[[ Recorded data open ]]

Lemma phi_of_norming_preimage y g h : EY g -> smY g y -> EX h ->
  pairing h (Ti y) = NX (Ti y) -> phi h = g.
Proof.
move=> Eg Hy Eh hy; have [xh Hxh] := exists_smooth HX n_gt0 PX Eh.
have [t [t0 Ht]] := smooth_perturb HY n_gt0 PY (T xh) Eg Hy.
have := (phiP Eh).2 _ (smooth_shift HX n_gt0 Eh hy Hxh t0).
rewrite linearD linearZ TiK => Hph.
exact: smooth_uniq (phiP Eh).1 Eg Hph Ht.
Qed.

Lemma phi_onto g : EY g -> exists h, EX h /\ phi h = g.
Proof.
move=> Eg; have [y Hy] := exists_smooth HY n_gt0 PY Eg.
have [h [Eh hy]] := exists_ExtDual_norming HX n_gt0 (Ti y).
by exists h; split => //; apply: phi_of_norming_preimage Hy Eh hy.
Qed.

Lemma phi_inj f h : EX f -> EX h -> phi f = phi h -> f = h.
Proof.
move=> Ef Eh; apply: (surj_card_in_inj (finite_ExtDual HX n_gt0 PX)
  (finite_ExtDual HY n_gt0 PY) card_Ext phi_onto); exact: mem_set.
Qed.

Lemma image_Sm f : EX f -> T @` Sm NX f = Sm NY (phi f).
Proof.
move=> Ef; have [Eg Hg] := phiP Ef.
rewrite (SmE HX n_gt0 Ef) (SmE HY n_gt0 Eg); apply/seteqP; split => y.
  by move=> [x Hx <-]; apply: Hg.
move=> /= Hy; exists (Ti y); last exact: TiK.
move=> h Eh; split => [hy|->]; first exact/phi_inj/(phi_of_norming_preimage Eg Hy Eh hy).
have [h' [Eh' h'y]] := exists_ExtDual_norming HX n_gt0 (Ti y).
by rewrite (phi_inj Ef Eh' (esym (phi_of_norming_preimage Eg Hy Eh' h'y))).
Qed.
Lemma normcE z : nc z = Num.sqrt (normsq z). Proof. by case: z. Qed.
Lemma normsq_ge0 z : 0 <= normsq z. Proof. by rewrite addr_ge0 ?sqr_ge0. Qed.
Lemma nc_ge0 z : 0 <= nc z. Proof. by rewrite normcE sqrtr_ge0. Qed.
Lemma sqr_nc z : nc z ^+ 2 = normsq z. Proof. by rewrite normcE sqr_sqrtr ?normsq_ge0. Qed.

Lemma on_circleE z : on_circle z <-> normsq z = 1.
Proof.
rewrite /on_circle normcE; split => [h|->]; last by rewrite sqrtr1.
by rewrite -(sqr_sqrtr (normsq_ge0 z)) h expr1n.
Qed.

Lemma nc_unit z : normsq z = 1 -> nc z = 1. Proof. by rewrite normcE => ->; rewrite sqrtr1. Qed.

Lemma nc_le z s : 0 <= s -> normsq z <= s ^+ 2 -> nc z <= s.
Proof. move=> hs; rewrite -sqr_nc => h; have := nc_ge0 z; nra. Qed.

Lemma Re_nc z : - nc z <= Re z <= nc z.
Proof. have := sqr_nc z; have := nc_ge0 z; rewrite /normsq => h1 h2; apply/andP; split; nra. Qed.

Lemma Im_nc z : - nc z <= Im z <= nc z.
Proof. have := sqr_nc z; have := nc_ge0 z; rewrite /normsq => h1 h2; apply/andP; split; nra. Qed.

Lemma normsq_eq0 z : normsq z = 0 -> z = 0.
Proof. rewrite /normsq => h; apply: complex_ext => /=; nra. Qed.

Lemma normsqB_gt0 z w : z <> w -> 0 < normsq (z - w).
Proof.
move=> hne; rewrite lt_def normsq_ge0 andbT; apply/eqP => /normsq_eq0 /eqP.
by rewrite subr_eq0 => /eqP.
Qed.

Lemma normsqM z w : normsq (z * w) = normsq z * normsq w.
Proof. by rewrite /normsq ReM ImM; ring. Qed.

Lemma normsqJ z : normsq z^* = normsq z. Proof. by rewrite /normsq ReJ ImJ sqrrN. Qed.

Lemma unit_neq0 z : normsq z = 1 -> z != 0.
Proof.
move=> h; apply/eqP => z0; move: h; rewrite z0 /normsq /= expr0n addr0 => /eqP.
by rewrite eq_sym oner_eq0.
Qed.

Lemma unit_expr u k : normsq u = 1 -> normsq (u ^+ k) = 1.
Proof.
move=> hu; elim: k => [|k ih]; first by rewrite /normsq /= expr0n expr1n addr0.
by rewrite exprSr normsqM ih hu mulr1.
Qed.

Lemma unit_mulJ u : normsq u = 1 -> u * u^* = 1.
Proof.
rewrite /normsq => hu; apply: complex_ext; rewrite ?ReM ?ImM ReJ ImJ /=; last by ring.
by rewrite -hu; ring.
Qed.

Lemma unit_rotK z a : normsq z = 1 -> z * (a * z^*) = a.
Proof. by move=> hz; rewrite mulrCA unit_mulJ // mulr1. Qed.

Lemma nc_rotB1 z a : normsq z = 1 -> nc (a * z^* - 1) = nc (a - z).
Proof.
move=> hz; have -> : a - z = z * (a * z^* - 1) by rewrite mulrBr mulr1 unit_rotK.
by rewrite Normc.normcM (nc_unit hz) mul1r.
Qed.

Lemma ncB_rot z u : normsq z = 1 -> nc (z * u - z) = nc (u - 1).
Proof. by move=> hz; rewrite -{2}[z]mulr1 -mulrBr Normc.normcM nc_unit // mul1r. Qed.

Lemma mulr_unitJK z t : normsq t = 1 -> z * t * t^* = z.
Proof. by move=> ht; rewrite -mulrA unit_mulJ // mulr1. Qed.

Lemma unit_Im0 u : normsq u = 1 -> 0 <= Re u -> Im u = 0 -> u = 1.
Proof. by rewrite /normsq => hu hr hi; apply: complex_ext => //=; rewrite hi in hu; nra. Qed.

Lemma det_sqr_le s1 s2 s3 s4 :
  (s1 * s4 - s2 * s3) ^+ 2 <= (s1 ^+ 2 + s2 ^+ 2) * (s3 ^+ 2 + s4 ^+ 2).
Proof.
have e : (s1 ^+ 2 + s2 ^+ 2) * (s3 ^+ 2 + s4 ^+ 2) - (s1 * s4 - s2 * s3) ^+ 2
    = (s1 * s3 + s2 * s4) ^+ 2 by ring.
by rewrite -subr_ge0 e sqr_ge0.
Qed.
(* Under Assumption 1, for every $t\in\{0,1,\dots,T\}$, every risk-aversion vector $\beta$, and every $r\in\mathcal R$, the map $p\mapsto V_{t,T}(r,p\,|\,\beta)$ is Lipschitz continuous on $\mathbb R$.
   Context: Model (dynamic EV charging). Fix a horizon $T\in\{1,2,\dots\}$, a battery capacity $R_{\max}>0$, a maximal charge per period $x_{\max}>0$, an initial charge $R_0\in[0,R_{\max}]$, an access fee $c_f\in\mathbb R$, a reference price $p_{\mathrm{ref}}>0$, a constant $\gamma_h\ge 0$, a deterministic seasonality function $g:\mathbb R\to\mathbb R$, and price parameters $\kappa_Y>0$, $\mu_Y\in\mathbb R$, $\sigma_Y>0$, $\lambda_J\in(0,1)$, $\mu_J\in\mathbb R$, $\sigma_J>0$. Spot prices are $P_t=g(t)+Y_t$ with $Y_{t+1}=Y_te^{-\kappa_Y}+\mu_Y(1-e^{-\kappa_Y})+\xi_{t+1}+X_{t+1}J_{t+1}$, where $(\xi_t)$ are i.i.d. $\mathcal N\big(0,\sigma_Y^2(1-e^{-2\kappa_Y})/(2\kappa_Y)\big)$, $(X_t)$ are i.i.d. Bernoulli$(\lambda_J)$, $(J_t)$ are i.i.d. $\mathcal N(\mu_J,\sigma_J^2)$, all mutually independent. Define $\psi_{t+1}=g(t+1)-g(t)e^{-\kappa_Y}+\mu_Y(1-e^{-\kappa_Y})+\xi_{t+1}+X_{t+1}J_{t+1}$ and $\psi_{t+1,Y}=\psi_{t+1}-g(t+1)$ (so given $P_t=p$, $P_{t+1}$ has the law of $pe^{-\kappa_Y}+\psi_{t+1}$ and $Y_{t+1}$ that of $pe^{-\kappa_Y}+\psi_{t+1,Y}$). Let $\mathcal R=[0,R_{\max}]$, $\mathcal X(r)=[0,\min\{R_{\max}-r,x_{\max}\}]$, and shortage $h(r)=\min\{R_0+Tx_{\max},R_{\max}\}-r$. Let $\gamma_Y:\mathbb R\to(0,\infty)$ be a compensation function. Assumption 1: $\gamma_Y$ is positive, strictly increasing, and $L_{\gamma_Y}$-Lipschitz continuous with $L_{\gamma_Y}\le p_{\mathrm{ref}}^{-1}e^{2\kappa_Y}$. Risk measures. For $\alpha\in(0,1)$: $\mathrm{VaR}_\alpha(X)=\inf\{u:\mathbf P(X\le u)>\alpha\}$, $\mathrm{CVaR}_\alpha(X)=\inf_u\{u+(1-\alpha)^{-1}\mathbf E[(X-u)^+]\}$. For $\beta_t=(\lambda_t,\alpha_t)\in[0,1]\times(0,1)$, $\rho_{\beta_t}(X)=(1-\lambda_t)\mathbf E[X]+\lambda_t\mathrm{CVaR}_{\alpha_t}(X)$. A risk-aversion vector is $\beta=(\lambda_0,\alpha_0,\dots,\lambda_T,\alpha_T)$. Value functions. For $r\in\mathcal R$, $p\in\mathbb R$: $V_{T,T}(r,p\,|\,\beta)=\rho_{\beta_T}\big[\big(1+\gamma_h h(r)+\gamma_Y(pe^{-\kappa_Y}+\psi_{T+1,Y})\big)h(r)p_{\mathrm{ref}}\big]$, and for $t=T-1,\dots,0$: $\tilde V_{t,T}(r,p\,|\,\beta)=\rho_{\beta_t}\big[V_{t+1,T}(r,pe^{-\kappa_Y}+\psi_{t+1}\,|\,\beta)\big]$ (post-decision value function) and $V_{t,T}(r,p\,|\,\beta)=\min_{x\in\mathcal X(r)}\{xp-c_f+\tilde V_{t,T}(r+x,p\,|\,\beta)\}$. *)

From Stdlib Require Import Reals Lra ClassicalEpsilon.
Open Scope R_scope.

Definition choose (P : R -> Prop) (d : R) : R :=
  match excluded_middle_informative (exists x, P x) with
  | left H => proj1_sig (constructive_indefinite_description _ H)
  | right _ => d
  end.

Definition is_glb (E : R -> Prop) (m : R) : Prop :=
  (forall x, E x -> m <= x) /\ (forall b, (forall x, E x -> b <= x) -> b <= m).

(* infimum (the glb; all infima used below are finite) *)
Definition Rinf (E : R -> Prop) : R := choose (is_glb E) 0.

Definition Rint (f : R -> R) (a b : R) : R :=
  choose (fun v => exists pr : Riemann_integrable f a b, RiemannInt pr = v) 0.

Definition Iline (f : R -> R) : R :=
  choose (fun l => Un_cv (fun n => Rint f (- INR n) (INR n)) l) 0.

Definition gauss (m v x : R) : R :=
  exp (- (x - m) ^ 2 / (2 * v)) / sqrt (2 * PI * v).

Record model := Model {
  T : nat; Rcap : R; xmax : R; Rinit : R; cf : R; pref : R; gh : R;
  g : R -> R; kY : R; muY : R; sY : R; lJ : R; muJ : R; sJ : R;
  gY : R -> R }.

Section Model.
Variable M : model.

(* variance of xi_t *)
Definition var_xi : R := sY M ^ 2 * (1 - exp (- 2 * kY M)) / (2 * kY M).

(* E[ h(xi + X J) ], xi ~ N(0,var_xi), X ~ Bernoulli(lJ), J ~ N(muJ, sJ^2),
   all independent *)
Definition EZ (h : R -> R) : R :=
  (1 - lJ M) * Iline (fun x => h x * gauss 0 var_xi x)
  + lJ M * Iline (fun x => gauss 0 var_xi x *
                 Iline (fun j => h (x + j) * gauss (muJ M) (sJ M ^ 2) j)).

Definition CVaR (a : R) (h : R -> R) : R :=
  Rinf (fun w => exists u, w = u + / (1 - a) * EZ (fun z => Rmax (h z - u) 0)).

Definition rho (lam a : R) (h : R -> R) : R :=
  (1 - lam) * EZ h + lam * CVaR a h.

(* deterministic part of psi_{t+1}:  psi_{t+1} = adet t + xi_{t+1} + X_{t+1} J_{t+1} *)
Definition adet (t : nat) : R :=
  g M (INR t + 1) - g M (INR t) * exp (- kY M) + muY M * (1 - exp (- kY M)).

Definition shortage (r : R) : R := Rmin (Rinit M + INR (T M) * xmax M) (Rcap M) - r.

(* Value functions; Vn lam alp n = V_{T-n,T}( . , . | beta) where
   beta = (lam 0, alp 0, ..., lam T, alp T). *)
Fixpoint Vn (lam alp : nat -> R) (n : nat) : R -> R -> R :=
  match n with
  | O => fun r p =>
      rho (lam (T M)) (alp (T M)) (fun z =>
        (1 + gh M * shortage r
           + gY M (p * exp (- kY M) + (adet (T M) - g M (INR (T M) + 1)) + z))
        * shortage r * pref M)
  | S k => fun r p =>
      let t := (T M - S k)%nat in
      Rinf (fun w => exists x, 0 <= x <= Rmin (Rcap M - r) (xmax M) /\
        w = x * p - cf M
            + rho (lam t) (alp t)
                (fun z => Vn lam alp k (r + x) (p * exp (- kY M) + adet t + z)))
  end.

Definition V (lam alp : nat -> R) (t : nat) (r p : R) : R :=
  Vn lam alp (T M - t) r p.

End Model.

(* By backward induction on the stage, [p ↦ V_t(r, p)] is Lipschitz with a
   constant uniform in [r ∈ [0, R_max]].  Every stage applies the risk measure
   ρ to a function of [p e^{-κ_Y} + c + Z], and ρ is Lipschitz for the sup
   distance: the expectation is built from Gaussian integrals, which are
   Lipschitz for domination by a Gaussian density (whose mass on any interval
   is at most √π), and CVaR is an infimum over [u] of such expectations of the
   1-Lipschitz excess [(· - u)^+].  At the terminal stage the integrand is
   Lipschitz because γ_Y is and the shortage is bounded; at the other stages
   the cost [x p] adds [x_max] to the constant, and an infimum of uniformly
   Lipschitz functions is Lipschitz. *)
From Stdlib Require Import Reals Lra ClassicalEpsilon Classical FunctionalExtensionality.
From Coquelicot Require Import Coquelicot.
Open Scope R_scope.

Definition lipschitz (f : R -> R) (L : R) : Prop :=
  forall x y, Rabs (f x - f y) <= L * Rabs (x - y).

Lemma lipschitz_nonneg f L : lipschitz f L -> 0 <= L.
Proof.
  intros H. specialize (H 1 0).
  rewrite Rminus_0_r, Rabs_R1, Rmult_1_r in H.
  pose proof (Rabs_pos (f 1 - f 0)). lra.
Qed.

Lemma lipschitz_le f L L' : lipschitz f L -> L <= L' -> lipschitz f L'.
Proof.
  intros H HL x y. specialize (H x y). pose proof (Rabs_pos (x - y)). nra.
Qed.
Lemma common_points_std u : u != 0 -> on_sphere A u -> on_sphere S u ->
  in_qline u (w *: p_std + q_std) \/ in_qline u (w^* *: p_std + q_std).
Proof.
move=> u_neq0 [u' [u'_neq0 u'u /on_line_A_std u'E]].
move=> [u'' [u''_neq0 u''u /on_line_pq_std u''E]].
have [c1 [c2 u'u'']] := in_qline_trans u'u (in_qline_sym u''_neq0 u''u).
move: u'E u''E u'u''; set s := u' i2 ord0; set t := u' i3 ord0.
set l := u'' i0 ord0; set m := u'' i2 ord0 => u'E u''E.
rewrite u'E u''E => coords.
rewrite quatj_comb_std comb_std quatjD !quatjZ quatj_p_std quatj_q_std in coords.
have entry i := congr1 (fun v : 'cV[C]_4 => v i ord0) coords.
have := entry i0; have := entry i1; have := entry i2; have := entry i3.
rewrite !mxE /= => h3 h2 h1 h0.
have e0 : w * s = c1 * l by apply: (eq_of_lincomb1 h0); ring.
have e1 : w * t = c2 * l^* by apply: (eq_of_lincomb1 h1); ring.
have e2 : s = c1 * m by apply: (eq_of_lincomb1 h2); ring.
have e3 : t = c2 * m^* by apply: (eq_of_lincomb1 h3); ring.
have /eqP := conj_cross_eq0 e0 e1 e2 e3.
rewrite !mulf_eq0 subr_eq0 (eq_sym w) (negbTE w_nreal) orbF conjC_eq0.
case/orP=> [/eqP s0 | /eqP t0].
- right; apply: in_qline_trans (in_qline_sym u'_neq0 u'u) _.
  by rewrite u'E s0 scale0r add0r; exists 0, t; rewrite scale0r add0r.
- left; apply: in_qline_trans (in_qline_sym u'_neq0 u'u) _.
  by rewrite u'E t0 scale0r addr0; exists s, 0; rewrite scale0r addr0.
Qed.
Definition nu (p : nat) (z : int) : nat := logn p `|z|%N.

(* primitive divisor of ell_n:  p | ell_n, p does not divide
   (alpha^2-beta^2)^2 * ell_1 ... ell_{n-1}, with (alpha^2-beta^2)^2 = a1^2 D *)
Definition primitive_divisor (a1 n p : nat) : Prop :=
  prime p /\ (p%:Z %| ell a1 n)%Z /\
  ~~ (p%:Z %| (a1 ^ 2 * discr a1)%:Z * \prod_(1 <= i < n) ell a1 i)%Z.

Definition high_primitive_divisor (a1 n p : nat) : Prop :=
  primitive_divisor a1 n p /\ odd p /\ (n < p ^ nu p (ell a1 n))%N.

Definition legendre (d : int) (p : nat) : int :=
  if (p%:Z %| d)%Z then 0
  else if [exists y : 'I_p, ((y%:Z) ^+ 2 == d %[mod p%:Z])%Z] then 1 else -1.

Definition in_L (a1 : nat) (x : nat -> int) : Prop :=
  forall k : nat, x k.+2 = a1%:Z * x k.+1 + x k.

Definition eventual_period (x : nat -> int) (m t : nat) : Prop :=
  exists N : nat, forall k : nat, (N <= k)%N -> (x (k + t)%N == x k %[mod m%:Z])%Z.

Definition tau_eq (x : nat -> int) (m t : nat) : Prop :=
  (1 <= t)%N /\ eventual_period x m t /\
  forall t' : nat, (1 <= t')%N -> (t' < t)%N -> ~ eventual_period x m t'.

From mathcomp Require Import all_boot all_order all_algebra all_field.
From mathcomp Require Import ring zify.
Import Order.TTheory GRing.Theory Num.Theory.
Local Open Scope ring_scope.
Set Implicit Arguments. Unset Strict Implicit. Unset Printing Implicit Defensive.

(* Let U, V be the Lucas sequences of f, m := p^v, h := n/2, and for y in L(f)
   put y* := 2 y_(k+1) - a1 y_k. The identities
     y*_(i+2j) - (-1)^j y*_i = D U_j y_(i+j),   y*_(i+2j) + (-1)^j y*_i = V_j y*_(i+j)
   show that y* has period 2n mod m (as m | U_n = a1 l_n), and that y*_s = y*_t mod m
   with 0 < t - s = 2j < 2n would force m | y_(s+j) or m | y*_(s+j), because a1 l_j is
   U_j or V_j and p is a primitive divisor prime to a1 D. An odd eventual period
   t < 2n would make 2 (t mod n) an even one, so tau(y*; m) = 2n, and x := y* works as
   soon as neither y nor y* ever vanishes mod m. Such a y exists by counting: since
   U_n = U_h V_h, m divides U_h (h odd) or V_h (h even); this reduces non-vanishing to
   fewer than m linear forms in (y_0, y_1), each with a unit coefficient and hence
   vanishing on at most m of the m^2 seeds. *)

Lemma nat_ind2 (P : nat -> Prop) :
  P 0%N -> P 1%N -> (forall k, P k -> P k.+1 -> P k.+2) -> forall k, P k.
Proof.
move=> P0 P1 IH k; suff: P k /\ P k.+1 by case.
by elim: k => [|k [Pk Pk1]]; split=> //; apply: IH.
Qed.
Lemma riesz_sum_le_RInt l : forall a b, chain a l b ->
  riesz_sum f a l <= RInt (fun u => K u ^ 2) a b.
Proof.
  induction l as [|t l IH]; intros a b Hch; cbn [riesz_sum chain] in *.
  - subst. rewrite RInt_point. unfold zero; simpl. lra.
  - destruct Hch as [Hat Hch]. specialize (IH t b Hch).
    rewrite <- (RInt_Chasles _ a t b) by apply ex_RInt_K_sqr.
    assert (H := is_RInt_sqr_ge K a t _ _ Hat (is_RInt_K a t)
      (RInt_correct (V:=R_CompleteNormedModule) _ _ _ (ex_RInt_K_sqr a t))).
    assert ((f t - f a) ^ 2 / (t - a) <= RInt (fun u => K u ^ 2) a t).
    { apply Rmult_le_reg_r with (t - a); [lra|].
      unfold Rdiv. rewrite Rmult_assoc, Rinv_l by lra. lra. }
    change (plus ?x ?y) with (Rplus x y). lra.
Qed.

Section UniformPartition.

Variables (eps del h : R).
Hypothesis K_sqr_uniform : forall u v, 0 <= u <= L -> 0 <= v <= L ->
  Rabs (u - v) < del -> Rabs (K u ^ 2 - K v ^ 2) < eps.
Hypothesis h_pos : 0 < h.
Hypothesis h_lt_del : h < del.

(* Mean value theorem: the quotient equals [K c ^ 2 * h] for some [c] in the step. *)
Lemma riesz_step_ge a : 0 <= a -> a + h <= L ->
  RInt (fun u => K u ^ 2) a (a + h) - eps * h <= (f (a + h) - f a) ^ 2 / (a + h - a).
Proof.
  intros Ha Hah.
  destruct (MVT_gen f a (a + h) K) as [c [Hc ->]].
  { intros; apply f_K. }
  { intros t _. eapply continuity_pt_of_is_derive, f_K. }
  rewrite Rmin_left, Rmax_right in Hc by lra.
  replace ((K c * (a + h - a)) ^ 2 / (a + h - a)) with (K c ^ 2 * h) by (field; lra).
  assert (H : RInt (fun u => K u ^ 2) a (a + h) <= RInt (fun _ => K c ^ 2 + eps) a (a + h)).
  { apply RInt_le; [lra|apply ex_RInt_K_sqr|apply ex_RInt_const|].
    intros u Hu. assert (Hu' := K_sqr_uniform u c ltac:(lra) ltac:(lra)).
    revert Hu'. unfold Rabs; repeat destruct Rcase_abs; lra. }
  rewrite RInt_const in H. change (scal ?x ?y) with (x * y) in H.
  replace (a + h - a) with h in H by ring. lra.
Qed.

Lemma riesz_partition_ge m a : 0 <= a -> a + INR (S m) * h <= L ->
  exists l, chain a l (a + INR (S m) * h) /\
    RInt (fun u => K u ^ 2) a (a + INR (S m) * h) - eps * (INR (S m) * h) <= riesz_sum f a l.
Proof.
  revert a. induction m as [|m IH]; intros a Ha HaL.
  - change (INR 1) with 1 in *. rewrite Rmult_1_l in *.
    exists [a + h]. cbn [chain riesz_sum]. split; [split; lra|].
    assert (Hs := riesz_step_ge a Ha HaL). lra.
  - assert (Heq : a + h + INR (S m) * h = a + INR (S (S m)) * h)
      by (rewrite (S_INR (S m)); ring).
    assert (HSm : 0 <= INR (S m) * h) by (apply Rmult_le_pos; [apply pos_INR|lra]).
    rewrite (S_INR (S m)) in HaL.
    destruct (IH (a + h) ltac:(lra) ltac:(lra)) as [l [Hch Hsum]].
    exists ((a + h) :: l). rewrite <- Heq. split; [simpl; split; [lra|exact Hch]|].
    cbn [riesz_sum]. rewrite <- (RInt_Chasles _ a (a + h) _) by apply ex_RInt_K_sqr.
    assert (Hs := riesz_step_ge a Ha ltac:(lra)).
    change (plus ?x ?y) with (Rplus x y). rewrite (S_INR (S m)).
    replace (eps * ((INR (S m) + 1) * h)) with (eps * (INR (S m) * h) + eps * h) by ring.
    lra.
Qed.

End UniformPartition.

[[ Recorded data closed ]]

Beginning with the top line of the data above, output every line exactly until the one that contains "Lemma on_circleE z", and include that one too.

Lemma phi_of_norming_preimage y g h : EY g -> smY g y -> EX h ->
  pairing h (Ti y) = NX (Ti y) -> phi h = g.
Proof.
move=> Eg Hy Eh hy; have [xh Hxh] := exists_smooth HX n_gt0 PX Eh.
have [t [t0 Ht]] := smooth_perturb HY n_gt0 PY (T xh) Eg Hy.
have := (phiP Eh).2 _ (smooth_shift HX n_gt0 Eh hy Hxh t0).
rewrite linearD linearZ TiK => Hph.
exact: smooth_uniq (phiP Eh).1 Eg Hph Ht.
Qed.

Lemma phi_onto g : EY g -> exists h, EX h /\ phi h = g.
Proof.
move=> Eg; have [y Hy] := exists_smooth HY n_gt0 PY Eg.
have [h [Eh hy]] := exists_ExtDual_norming HX n_gt0 (Ti y).
by exists h; split => //; apply: phi_of_norming_preimage Hy Eh hy.
Qed.

Lemma phi_inj f h : EX f -> EX h -> phi f = phi h -> f = h.
Proof.
move=> Ef Eh; apply: (surj_card_in_inj (finite_ExtDual HX n_gt0 PX)
  (finite_ExtDual HY n_gt0 PY) card_Ext phi_onto); exact: mem_set.
Qed.

Lemma image_Sm f : EX f -> T @` Sm NX f = Sm NY (phi f).
Proof.
move=> Ef; have [Eg Hg] := phiP Ef.
rewrite (SmE HX n_gt0 Ef) (SmE HY n_gt0 Eg); apply/seteqP; split => y.
  by move=> [x Hx <-]; apply: Hg.
move=> /= Hy; exists (Ti y); last exact: TiK.
move=> h Eh; split => [hy|->]; first exact/phi_inj/(phi_of_norming_preimage Eg Hy Eh hy).
have [h' [Eh' h'y]] := exists_ExtDual_norming HX n_gt0 (Ti y).
by rewrite (phi_inj Ef Eh' (esym (phi_of_norming_preimage Eg Hy Eh' h'y))).
Qed.
Lemma normcE z : nc z = Num.sqrt (normsq z). Proof. by case: z. Qed.
Lemma normsq_ge0 z : 0 <= normsq z. Proof. by rewrite addr_ge0 ?sqr_ge0. Qed.
Lemma nc_ge0 z : 0 <= nc z. Proof. by rewrite normcE sqrtr_ge0. Qed.
Lemma sqr_nc z : nc z ^+ 2 = normsq z. Proof. by rewrite normcE sqr_sqrtr ?normsq_ge0. Qed.

Lemma on_circleE z : on_circle z <-> normsq z = 1.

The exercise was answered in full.